WORK TASK: Search the data for the word "list". Reproduce every line where it is found.
── TASK DATA ──
(* Let $G$ be a group acting without inversions on a tree $T$, let $H$ be a tame subgroup of $G$ containing hyperbolic elements, and let $\widetilde{X}$ be the graph obtained from $X=T_{H}/H$ by attaching a loop at each $H$-non-degenerate vertex. Then $$\overline{C}_{T}(H)=\overline{r}(\widetilde{X})=\frac{1}{2}\sum\big(\deg_{\widetilde{X}}([v]_{H})-2\big),$$ where the sum is over all vertices $[v]_{H}$ of $\widetilde{X}$.
   Context: $T_H$ is the unique minimal $H$-invariant subtree of $T$; $H$ tame with a hyperbolic element means $T_H/H$ is finite. A vertex $v$ of $T_H$ is $H$-degenerate if $H_v=H_e$ for some edge $e$ of $T_H$ with initial vertex $v$; otherwise $[v]_H$ is non-degenerate. $C_T(H)=r(T_H/H)+|V_{ndeg}(T_H/H)|$ (rank of the fundamental group plus number of non-degenerate vertices; this equals $r(T/H)+|V_{ndeg}(T/H)|$), and $\overline{C}_T(H)=\max\{C_T(H)-1,0\}$. For a finite connected graph $Y$, $\overline{r}(Y)=\max\{r(Y)-1,0\}$ where $r(Y)$ is the rank of its fundamental group. $\deg_{\widetilde X}(w)$ is the number of (oriented) edges with initial vertex $w$, so an attached loop contributes $2$. *)

From HB Require Import structures.
From mathcomp Require Import all_boot all_order all_algebra.
Set Implicit Arguments. Unset Strict Implicit. Unset Printing Implicit Defensive.
Import Order.TTheory GRing.Theory Num.Theory.
Local Open Scope ring_scope.

Record group := Group {
  gT :> Type;
  gmul : gT -> gT -> gT;
  gone : gT;
  ginv : gT -> gT }.

Definition is_group (G : group) : Prop :=
  [/\ forall x y z : G, gmul x (gmul y z) = gmul (gmul x y) z,
      forall x : G, gmul (gone G) x = x,
      forall x : G, gmul x (gone G) = x,
      forall x : G, gmul (ginv x) x = gone G
    & forall x : G, gmul x (ginv x) = gone G].

Definition is_subgroup (G : group) (H : G -> Prop) : Prop :=
  [/\ H (gone G), forall x y, H x -> H y -> H (gmul x y)
    & forall x, H x -> H (ginv x)].

(* Serre graphs: vertices, oriented edges, origin, edge reversal.      *)
Record sgraph := SGraph {
  sV : Type;
  sE : Type;
  so : sE -> sV;
  sbar : sE -> sE }.

Definition sterm (T : sgraph) (e : sE T) : sV T := so (sbar e).

Definition is_sgraph (T : sgraph) : Prop :=
  (forall e : sE T, sbar (sbar e) = e) /\ (forall e : sE T, sbar e <> e).

Fixpoint epath (T : sgraph) (u v : sV T) (p : list (sE T)) : Prop :=
  match p with
  | nil => u = v
  | e :: p' => so e = u /\ epath (sterm e) v p'
  end.

Fixpoint reduced (T : sgraph) (p : list (sE T)) : Prop :=
  match p with
  | e1 :: ((e2 :: _) as p') => e2 <> sbar e1 /\ reduced p'
  | _ => True
  end.

Definition is_tree (T : sgraph) : Prop :=
  [/\ is_sgraph T,
      (forall u v : sV T, exists p, epath u v p)
    & (forall (u : sV T) p, p <> nil -> epath u u p -> ~ reduced p)].

Record gaction (G : group) (T : sgraph) := GAction {
  actV : G -> sV T -> sV T;
  actE : G -> sE T -> sE T }.

Definition is_action (G : group) (T : sgraph) (a : gaction G T) : Prop :=
  (forall v, actV a (gone G) v = v) /\
  (forall e, actE a (gone G) e = e) /\
  (forall g h v, actV a (gmul g h) v = actV a g (actV a h v)) /\
  (forall g h e, actE a (gmul g h) e = actE a g (actE a h e)) /\
  (forall g e, actV a g (so e) = so (actE a g e)) /\
  (forall g e, actE a g (sbar e) = sbar (actE a g e)).

Definition without_inversions (G : group) (T : sgraph) (a : gaction G T) : Prop :=
  forall g e, actE a g e <> sbar e.

(* hyperbolic element (for an action without inversions): fixes no vertex *)
Definition hyperbolic (G : group) (T : sgraph) (a : gaction G T) (g : G) : Prop :=
  forall v, actV a g v <> v.

Fixpoint all_prop (A : Type) (P : A -> Prop) (s : list A) : Prop :=
  match s with nil => True | x :: s' => P x /\ all_prop P s' end.

(* Subtrees, given by their vertex sets (edges: both endpoints inside). *)
Definition sub_edge (T : sgraph) (S : sV T -> Prop) (e : sE T) : Prop :=
  S (so e) /\ S (sterm e).

Definition is_subtree (T : sgraph) (S : sV T -> Prop) : Prop :=
  (exists v, S v) /\
  (forall u v, S u -> S v -> exists p, epath u v p /\ all_prop (sub_edge S) p).

Definition invariant_subtree (G : group) (T : sgraph) (a : gaction G T)
    (H : G -> Prop) (S : sV T -> Prop) : Prop :=
  is_subtree S /\ forall h v, H h -> S v -> S (actV a h v).

Definition minimal_invariant_subtree (G : group) (T : sgraph) (a : gaction G T)
    (H : G -> Prop) (S : sV T -> Prop) : Prop :=
  invariant_subtree a H S /\
  forall S', invariant_subtree a H S' -> (forall v, S' v -> S v) ->
             forall v, S v -> S' v.

(* H-degenerate vertex of T_H = S: H_v = H_e for some edge e of S with origin v
   (H_e <= H_v always, so equality amounts to the stated equivalence). *)
Definition degenerate (G : group) (T : sgraph) (a : gaction G T)
    (H : G -> Prop) (S : sV T -> Prop) (v : sV T) : Prop :=
  exists e, sub_edge S e /\ so e = v /\
    forall h, H h -> (actV a h v = v <-> actE a h e = e).

Record fingraphT := FGraph {
  fV : finType;
  fE : finType;
  fo : fE -> fV;
  fbar : fE -> fE }.

(* rank of the fundamental group of a finite connected graph:
   #(geometric edges) - #vertices + 1 *)
Definition frank (Y : fingraphT) : rat := #|fE Y|%:R / 2 - #|fV Y|%:R + 1.
Definition frankbar (Y : fingraphT) : rat := Num.max (frank Y - 1) 0.

Definition fdeg (Y : fingraphT) (w : fV Y) : nat := #|[set e | fo e == w]|.

(* X is (isomorphic to) the quotient graph S/H, via projections pV, pE *)
Definition is_quotient (G : group) (T : sgraph) (a : gaction G T)
    (H : G -> Prop) (S : sV T -> Prop) (X : fingraphT)
    (pV : sV T -> fV X) (pE : sE T -> fE X) : Prop :=
  (forall e, sub_edge S e -> fo (pE e) = pV (so e)) /\
  (forall e, sub_edge S e -> fbar (pE e) = pE (sbar e)) /\
  (forall x, exists v, S v /\ pV v = x) /\
  (forall y, exists e, sub_edge S e /\ pE e = y) /\
  (forall v w, S v -> S w ->
     (pV v = pV w <-> exists h, H h /\ actV a h w = v)) /\
  (forall e f, sub_edge S e -> sub_edge S f ->
     (pE e = pE f <-> exists h, H h /\ actE a h f = e)).

Definition CT (X : fingraphT) (nd : pred (fV X)) : rat := frank X + #|nd|%:R.
Definition CTbar (X : fingraphT) (nd : pred (fV X)) : rat := Num.max (@CT X nd - 1) 0.

(* X~ : attach a loop (a pair of mutually inverse oriented edges) at every
   vertex in nd *)
Definition loopE (X : fingraphT) (nd : pred (fV X)) : finType :=
  (fE X + ({x : fV X | nd x} * bool))%type.

Definition attach_loops (X : fingraphT) (nd : pred (fV X)) : fingraphT :=
  @FGraph (fV X) (@loopE X nd)
    (fun e => match e with inl e' => fo e' | inr (x, _) => val x end)
    (fun e => match e with inl e' => inl (fbar e') | inr (x, b) => inr (x, ~~ b) end).

(* Counting edge ends gives r(Y) - 1 = 1/2 * sum_y (deg y - 2) for every finite
   graph Y.  Attaching a loop at each non-degenerate vertex adds one to the rank
   per loop and two to the degree of that vertex, so C_T(H) = r(X~), and the
   theorem reduces to: every vertex of X~ has degree at least 2, which makes
   the truncation at 0 inactive.  Non-degenerate vertices get this from their
   loop.  If a degenerate vertex v, with H_v = H_e, had degree at most 1 in
   T_H/H, then e would be the only edge of T_H at v, and likewise at every
   vertex of the orbit Hv; since H acts without inversions the other end of e
   is not in Hv, so removing the orbit Hv, which consists of leaves, yields a
   smaller H-invariant subtree, contradicting the minimality of T_H. *)

From Stdlib Require Import Classical.
From HB Require Import structures.
From mathcomp Require Import all_boot all_order all_algebra.
From mathcomp Require Import ring.
Import Order.TTheory GRing.Theory Num.Theory.
Local Open Scope ring_scope.

Lemma sum_fdeg (Y : fingraphT) : (\sum_(x : fV Y) fdeg x)%N = #|fE Y|.
Proof.
rewrite -sum1_card (partition_big (@fo Y) xpredT) //=.
by apply: eq_bigr => x _; rewrite /fdeg -sum1dep_card.
Qed.

Lemma frank_subr1 (Y : fingraphT) :
  frank Y - 1 = 2^-1 * \sum_(x : fV Y) ((fdeg x)%:R - 2).
Proof.
by rewrite sumrB -natr_sum sum_fdeg sumr_const /frank -mulr_natr; field.
Qed.

Lemma frankbar_fdeg_gt1 (Y : fingraphT) : (forall x : fV Y, 1 < fdeg x)%N ->
  frankbar Y = 2^-1 * \sum_(x : fV Y) ((fdeg x)%:R - 2).
Proof.
move=> deg_gt1; rewrite /frankbar frank_subr1 max_l //.
by rewrite mulr_ge0 // sumr_ge0 // => x _; rewrite subr_ge0 ler_nat.
Qed.

Lemma frank_attach_loops (X : fingraphT) (nd : pred (fV X)) :
  frank (attach_loops nd) = frank X + #|nd|%:R.
Proof.
by rewrite /frank /= card_sum card_prod card_bool card_sig natrD natrM; field.
Qed.

Lemma CTbar_attach_loops (X : fingraphT) (nd : pred (fV X)) :
  CTbar nd = frankbar (attach_loops nd).
Proof. by rewrite /CTbar /frankbar /CT frank_attach_loops. Qed.

Lemma fdeg_attach_loops (X : fingraphT) (nd : pred (fV X)) (x : fV X) :
  @fdeg (attach_loops nd) x = (fdeg x + 2 * nd x)%N.
Proof.
rewrite /fdeg -!sum1dep_card big_sumType /=; congr (_ + _)%N.
rewrite (eq_bigl (fun p => (val p.1 == x) && xpredT p.2)); last first.
  by case=> [[y ?] ?]; rewrite andbT.
rewrite -(pair_big (fun y => val y == x) xpredT (fun _ _ => 1%N)) /=.
case: (boolP (nd x)) => [ndx | ndx].
  by rewrite (big_pred1 (exist _ x ndx)) ?big_bool // => y; rewrite -val_eqE.
by rewrite big_pred0 // => -[y ndy] /=; apply: contraNF ndx => /eqP <-.
Qed.

Definition leaf_set {T : sgraph} (S L : sV T -> Prop) : Prop :=
  forall y f f', L y -> sub_edge S f -> sub_edge S f' ->
  so f = y -> so f' = y -> f = f'.

Section Leaves.

Set Implicit Arguments.
Unset Strict Implicit.

Variables (T : sgraph) (S L : sV T -> Prop).
Hypothesis sbarK : forall e : sE T, sbar (sbar e) = e.
Hypothesis leafL : leaf_set S L.

(* A path entering a leaf must leave it along the reversed edge, so the
   detour can be cut out. *)
Lemma epath_avoid_leaves u w p : epath u w p -> all_prop (sub_edge S) p ->
  ~ L u -> ~ L w ->
  exists q, epath u w q /\ all_prop (sub_edge (fun y => S y /\ ~ L y)) q.
Proof.
move: {2}(size p) (leqnn (size p)) => n; elim: n u p => [|n IH] u [|f p] //=.
- by move=> _ <- _ _ _; exists nil.
- by move=> _ <- _ _ _; exists nil.
move=> sz [<- ep] [[Sof Stf] ap] Lu Lw.
case: (classic (L (sterm f))) => Ltf; last first.
  have [q [eq aq]] := IH (sterm f) p sz ep ap Ltf Lw.
  by exists (f :: q); do !split.
case: p sz ep ap => [|f2 p] sz /= ep; first by case: Lw; rewrite -ep.
case: ep => [of2 ep] [sf2 ap].
have f2E : f2 = sbar f.
  by apply: (leafL Ltf sf2) => //; rewrite /sub_edge /sterm sbarK.
move: ep; rewrite f2E /sterm sbarK => ep.
exact: (IH _ p (ltnW sz) ep ap).
Qed.

Lemma subtree_remove_leaves : is_subtree S -> (exists v, S v /\ ~ L v) ->
  is_subtree (fun y => S y /\ ~ L y).
Proof.
move=> [_ connS] neS; split => // u w [Su Lu] [Sw Lw].
have [p [ep ap]] := connS u w Su Sw.
exact: epath_avoid_leaves ep ap Lu Lw.
Qed.

End Leaves.

Section QuotientOfSubtree.

Set Implicit Arguments.
Unset Strict Implicit.

Variables (G : group) (T : sgraph) (a : gaction G T) (H : G -> Prop).
Variables (S : sV T -> Prop) (X : fingraphT).
Variables (pV : sV T -> fV X) (pE : sE T -> fE X).
Hypothesis groupG : is_group G.
Hypothesis sbarK : forall e : sE T, sbar (sbar e) = e.
Hypothesis actionA : is_action a.
Hypothesis subgroupH : is_subgroup H.
Hypothesis quotientX : is_quotient a H S pV pE.
Hypothesis minimalS : minimal_invariant_subtree a H S.
Hypothesis no_inversions : without_inversions a.

Lemma stab_eq_translates_eq v e h h' :
  (forall g, H g -> actV a g v = v <-> actE a g e = e) -> so e = v ->
  H h -> H h' -> so (actE a h e) = so (actE a h' e) ->
  actE a h e = actE a h' e.
Proof.
case: groupG => mulgA mul1g _ mulVg mulgV.
case: actionA => [act1V [_ [actMV [actME [act_so _]]]]].
case: subgroupH => _ HM HV.
move=> stab oev Hh Hh' ohh'.
have Hg : H (gmul (ginv h') h) by apply: HM; [apply: HV|].
have fixv : actV a (gmul (ginv h') h) v = v.
  by rewrite actMV -oev act_so ohh' -act_so -actMV mulVg act1V.
have hE : h = gmul h' (gmul (ginv h') h) by rewrite mulgA mulgV mul1g.
by rewrite {1}hE actME (proj1 (stab _ Hg) fixv).
Qed.

Lemma S_actV h v : H h -> S v -> S (actV a h v).
Proof. by case: minimalS => -[_ invS] _; apply: invS. Qed.

Lemma sub_edge_actE h f : H h -> sub_edge S f -> sub_edge S (actE a h f).
Proof.
case: actionA => [_ [_ [_ [_ [act_so act_sbar]]]]] Hh [Sof Stf].
by split; rewrite /sterm -?act_sbar -act_so; apply: S_actV.
Qed.

Lemma pV_actV h v : H h -> S v -> pV (actV a h v) = pV v.
Proof.
case: quotientX => [_ [_ [_ [_ [quoV _]]]]] Hh Sv.
by apply/(quoV _ _ (S_actV Hh Sv) Sv); exists h.
Qed.

(* Every edge of S at a vertex of the class of v is a translate of e, and
   H_v = H_e forces translates of e with a common origin to coincide. *)
Lemma degenerate_leaf_class v : degenerate a H S v -> (fdeg (pV v) <= 1)%N ->
  leaf_set S (fun y => pV y = pV v).
Proof.
case=> e [Se [oev stab]] deg1 y f f' pyv Sf Sf' ofy of'y.
case: quotientX => [quo_so [_ [_ [_ [_ quoE]]]]].
have translate g : sub_edge S g -> so g = y -> exists h, H h /\ actE a h e = g.
  move=> Sg ogy; apply/(quoE _ _ Sg Se); move/card_le1_eqP: deg1; apply.
    by rewrite inE (quo_so e Se) oev.
  by rewrite inE (quo_so g Sg) ogy pyv.
have [h [Hh hef]] := translate f Sf ofy.
have [h' [Hh' hef']] := translate f' Sf' of'y.
rewrite -hef -hef'; apply: (stab_eq_translates_eq stab oev Hh Hh').
by rewrite hef hef' ofy of'y.
Qed.

(* Otherwise some g in H maps [so e] to [sterm e]; then [g e] and [sbar e]
   are two edges at [sterm e], and [g e = sbar e] would be an inversion. *)
Lemma leaf_class_neighbour x e : leaf_set S (fun y => pV y = x) ->
  sub_edge S e -> pV (so e) = x -> pV (sterm e) <> x.
Proof.
case: actionA => [_ [_ [_ [_ [act_so _]]]]].
case: quotientX => [_ [_ [_ [_ [quoV _]]]]].
move=> leaf [Soe Ste] oex tex.
have [g [Hg gte]] : exists g, H g /\ actV a g (so e) = sterm e.
  by apply/(quoV _ _ Ste Soe); rewrite tex oex.
suff : actE a g e = sbar e by exact: no_inversions.
apply: (leaf (sterm e)) => //.
- exact: sub_edge_actE.
- by split; rewrite /sterm ?sbarK.
- by rewrite -act_so.
Qed.

Lemma degenerate_fdeg_gt1 v : degenerate a H S v -> (1 < fdeg (pV v))%N.
Proof.
move=> degv; rewrite ltnNge; apply/negP => deg1.
have leaf := degenerate_leaf_class degv deg1.
case: degv => e [[Soe Ste] [oev _]].
have tev : pV (sterm e) <> pV v.
  by apply: (leaf_class_neighbour leaf) => //; rewrite oev.
pose S' y := S y /\ pV y <> pV v.
have subtreeS' : is_subtree S'.
  case: minimalS => -[subtreeS _] _.
  by apply: (subtree_remove_leaves sbarK leaf subtreeS); exists (sterm e).
have invariantS' : invariant_subtree a H S'.
  split=> // h w Hh [Sw pw]; split; first exact: S_actV.
  by rewrite pV_actV.
have Sv : S v by rewrite -oev.
case: minimalS => _ /(_ S' invariantS' (fun w => @proj1 _ _) v Sv).
by case=> _; apply.
Qed.

End QuotientOfSubtree.

Theorem lemma3p1 (G : group) (T : sgraph) (a : gaction G T) (H : G -> Prop)
    (S : sV T -> Prop) (X : fingraphT) (pV : sV T -> fV X) (pE : sE T -> fE X)
    (nd : pred (fV X)) :
  is_group G -> is_tree T -> is_action a -> without_inversions a ->
  is_subgroup H -> (exists h, H h /\ hyperbolic a h) ->
  minimal_invariant_subtree a H S ->
  is_quotient a H S pV pE ->
  (forall x, nd x <-> exists v, S v /\ pV v = x /\ ~ degenerate a H S v) ->
  @CTbar X nd = frankbar (@attach_loops X nd) /\
  frankbar (@attach_loops X nd) =
    2^-1 * \sum_(x : fV (@attach_loops X nd)) ((fdeg x)%:R - 2).
Proof.
(* The hyperbolic element only serves to make T_H exist with a finite
   quotient, and both are hypotheses here. *)
move=> groupG treeT actionA no_inversions subgroupH _ minimalS quotientX ndE.
have sbarK : forall e : sE T, sbar (sbar e) = e by case: treeT => -[].
have deg_gt1 x : ~~ nd x -> (1 < fdeg x)%N.
  move=> ndx; have [_ [_ [/(_ x) [v [Sv vx]] _]]] := quotientX.
  rewrite -vx; apply: (degenerate_fdeg_gt1 groupG sbarK actionA subgroupH
    quotientX minimalS no_inversions).
  apply: NNPP => nondeg; move/negP: ndx; apply; apply/ndE; by exists v.
split; first exact: CTbar_attach_loops.
apply: frankbar_fdeg_gt1 => x; rewrite fdeg_attach_loops.
by case: (boolP (nd x)) => [_ | /deg_gt1 ?]; [exact: ltn_addl | rewrite addn0].
Qed.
───
COMPLETED EXERCISE:
Fixpoint epath (T : sgraph) (u v : sV T) (p : list (sE T)) : Prop :=
Fixpoint reduced (T : sgraph) (p : list (sE T)) : Prop :=
Fixpoint all_prop (A : Type) (P : A -> Prop) (s : list A) : Prop :=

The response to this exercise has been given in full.